[Records from a collection]

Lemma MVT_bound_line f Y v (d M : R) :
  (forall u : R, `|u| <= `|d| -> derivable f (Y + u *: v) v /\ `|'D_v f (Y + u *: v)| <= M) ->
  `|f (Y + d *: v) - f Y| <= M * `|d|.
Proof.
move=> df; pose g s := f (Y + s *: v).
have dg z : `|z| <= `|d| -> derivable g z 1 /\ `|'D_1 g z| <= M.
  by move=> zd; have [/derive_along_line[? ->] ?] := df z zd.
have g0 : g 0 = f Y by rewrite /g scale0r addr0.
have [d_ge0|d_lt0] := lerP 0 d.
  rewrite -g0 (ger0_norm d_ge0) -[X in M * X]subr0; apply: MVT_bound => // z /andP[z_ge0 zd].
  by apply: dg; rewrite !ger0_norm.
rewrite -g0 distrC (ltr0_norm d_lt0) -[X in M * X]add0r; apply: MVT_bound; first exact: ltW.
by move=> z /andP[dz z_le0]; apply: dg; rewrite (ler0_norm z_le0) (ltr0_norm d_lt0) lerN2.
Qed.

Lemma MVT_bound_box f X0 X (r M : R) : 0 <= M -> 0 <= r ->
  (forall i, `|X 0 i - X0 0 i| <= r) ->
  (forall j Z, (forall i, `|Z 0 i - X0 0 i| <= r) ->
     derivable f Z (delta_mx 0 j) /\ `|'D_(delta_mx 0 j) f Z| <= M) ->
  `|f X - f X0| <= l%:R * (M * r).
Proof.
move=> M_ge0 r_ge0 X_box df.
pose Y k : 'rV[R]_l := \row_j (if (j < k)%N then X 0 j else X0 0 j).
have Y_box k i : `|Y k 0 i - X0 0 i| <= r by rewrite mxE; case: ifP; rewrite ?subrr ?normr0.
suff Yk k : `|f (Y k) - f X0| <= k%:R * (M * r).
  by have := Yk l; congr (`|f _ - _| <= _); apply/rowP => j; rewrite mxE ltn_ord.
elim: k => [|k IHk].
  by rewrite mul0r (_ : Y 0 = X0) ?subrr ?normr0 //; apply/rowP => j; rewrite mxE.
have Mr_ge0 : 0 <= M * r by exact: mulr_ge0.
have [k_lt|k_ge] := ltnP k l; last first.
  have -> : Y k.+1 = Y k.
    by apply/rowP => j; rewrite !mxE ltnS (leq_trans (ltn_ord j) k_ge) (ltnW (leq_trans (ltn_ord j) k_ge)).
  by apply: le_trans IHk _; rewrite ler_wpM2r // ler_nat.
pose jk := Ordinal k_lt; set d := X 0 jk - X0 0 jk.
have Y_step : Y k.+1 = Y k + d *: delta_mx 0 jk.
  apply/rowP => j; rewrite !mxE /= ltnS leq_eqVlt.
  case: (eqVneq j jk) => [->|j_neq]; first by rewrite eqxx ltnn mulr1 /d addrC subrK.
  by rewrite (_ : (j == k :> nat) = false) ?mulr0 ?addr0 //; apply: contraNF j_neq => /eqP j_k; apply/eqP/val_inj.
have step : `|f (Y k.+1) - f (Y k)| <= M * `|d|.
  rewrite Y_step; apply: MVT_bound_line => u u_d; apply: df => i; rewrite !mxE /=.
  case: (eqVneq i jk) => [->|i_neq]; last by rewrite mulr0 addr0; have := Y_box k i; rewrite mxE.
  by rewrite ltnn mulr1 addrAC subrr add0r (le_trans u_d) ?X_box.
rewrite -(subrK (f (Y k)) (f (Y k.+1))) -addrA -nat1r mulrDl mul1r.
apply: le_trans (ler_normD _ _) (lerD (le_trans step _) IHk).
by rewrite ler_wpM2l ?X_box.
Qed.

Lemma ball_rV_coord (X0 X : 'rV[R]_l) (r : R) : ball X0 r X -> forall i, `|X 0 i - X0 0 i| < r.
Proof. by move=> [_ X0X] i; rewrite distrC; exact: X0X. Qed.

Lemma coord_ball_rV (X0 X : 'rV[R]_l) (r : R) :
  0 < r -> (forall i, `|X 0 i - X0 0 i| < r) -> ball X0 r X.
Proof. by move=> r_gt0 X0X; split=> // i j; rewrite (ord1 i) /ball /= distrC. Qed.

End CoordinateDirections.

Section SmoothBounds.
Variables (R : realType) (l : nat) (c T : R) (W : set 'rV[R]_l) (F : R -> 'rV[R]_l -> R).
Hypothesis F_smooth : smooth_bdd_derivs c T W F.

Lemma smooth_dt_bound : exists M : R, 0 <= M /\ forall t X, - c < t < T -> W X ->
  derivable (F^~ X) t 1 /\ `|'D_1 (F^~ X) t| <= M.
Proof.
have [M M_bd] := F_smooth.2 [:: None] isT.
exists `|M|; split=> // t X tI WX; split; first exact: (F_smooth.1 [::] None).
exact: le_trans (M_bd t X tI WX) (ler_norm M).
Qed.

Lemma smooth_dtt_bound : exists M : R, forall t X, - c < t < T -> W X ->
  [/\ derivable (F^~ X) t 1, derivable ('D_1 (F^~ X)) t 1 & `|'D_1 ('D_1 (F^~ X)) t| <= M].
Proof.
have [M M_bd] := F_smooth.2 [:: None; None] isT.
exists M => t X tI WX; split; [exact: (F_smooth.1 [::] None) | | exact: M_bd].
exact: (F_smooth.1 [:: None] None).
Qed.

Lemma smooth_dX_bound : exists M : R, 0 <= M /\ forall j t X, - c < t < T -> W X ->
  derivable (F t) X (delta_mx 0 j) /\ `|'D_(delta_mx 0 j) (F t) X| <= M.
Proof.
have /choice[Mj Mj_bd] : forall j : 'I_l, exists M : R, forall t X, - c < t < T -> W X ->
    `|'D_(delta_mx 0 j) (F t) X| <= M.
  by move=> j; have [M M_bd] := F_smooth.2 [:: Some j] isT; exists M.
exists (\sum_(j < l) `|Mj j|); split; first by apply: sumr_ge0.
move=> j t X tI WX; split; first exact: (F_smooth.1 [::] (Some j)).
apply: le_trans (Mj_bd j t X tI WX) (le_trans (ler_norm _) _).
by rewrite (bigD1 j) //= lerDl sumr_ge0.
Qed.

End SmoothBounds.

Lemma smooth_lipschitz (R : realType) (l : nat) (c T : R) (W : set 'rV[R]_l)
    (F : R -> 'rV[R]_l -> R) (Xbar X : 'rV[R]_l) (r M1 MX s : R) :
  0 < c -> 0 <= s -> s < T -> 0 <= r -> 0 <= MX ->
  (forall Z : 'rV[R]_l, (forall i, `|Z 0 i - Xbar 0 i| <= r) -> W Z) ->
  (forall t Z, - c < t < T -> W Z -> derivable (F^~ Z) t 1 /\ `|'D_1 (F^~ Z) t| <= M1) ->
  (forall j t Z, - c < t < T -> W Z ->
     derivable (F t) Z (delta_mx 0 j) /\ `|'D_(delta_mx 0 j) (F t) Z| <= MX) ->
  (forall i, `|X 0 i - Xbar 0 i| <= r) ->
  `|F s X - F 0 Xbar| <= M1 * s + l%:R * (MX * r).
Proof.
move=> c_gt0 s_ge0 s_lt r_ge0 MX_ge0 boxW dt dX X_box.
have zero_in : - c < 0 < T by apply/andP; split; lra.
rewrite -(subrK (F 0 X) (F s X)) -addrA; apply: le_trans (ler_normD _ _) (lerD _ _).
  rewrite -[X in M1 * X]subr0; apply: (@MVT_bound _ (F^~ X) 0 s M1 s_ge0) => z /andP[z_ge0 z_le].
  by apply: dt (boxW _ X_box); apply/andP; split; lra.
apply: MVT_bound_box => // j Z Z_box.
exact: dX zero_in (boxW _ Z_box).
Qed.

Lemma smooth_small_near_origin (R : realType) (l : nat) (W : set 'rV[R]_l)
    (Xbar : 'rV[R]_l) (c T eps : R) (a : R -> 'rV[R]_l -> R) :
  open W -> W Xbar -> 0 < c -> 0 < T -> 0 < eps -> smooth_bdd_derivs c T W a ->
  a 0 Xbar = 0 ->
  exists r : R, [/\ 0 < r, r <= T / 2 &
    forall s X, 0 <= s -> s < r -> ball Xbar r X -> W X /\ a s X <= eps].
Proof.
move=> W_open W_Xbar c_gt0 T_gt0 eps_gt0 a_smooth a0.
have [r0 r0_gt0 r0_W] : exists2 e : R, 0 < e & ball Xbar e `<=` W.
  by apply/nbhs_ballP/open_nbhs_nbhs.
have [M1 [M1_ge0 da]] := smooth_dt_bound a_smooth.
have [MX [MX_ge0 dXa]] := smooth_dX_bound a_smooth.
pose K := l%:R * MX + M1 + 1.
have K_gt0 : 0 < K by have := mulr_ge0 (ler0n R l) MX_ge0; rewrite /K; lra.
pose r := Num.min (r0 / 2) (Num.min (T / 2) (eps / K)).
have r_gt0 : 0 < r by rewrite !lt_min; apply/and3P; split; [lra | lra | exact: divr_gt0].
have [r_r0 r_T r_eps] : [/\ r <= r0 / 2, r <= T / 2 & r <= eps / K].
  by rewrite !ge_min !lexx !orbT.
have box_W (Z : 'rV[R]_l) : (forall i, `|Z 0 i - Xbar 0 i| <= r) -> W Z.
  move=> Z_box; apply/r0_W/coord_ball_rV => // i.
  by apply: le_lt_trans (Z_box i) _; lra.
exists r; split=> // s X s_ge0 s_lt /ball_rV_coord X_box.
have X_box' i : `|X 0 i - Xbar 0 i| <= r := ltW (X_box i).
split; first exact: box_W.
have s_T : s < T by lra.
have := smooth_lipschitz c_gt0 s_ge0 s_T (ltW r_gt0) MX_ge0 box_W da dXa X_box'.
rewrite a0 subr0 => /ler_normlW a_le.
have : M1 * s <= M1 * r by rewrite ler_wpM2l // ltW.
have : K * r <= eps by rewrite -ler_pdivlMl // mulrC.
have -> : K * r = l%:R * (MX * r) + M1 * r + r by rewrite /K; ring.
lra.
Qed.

---

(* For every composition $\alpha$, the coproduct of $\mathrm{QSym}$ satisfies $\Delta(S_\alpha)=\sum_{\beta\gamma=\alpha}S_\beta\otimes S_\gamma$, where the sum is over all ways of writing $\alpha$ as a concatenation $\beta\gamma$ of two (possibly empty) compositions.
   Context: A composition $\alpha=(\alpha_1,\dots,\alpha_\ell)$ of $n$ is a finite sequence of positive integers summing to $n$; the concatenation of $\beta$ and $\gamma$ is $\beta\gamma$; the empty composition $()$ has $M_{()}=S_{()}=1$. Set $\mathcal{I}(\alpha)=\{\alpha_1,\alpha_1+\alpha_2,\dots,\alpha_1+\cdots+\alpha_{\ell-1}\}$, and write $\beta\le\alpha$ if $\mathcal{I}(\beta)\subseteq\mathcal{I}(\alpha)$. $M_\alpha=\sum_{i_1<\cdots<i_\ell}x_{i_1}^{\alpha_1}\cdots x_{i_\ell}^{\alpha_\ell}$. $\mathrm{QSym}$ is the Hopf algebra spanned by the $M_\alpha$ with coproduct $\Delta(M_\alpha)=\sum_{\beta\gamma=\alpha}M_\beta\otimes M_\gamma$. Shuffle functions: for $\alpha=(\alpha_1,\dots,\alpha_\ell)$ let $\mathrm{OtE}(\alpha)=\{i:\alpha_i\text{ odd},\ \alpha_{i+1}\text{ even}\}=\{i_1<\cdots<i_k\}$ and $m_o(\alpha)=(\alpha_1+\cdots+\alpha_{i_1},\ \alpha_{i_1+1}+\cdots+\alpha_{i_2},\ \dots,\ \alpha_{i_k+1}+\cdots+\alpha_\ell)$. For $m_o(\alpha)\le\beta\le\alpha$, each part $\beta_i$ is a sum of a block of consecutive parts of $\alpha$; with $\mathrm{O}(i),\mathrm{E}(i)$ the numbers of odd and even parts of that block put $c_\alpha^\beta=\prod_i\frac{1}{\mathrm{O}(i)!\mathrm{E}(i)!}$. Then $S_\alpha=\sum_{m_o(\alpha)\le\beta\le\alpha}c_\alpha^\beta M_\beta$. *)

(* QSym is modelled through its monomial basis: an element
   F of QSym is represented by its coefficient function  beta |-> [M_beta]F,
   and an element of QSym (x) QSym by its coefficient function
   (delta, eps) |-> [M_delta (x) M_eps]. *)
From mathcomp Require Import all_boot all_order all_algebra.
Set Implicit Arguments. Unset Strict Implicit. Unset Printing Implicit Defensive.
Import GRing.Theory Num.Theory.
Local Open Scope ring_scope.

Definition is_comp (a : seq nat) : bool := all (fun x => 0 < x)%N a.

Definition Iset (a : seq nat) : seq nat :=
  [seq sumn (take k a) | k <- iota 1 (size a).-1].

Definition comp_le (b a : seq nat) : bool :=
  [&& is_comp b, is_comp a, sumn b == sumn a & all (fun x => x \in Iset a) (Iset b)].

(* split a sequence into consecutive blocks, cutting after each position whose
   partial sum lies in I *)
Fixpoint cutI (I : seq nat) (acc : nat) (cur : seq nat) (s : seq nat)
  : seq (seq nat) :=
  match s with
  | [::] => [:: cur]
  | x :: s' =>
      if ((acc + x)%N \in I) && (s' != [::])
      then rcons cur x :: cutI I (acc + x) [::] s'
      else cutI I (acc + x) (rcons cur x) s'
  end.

YOUR GOAL
Start with the line above that contains "(F_smooth.1 [::] None)." and end with the line that contains "(F : R -> 'rV[R]_l -> R) (Xbar". Write out those lines exactly, and only those.

SOLUTION FOR THIS EXERCISE
exists `|M|; split=> // t X tI WX; split; first exact: (F_smooth.1 [::] None).
exact: le_trans (M_bd t X tI WX) (ler_norm M).
Qed.

Lemma smooth_dtt_bound : exists M : R, forall t X, - c < t < T -> W X ->
  [/\ derivable (F^~ X) t 1, derivable ('D_1 (F^~ X)) t 1 & `|'D_1 ('D_1 (F^~ X)) t| <= M].
Proof.
have [M M_bd] := F_smooth.2 [:: None; None] isT.
exists M => t X tI WX; split; [exact: (F_smooth.1 [::] None) | | exact: M_bd].
exact: (F_smooth.1 [:: None] None).
Qed.

Lemma smooth_dX_bound : exists M : R, 0 <= M /\ forall j t X, - c < t < T -> W X ->
  derivable (F t) X (delta_mx 0 j) /\ `|'D_(delta_mx 0 j) (F t) X| <= M.
Proof.
have /choice[Mj Mj_bd] : forall j : 'I_l, exists M : R, forall t X, - c < t < T -> W X ->
    `|'D_(delta_mx 0 j) (F t) X| <= M.
  by move=> j; have [M M_bd] := F_smooth.2 [:: Some j] isT; exists M.
exists (\sum_(j < l) `|Mj j|); split; first by apply: sumr_ge0.
move=> j t X tI WX; split; first exact: (F_smooth.1 [::] (Some j)).
apply: le_trans (Mj_bd j t X tI WX) (le_trans (ler_norm _) _).
by rewrite (bigD1 j) //= lerDl sumr_ge0.
Qed.

End SmoothBounds.

Lemma smooth_lipschitz (R : realType) (l : nat) (c T : R) (W : set 'rV[R]_l)
    (F : R -> 'rV[R]_l -> R) (Xbar X : 'rV[R]_l) (r M1 MX s : R) :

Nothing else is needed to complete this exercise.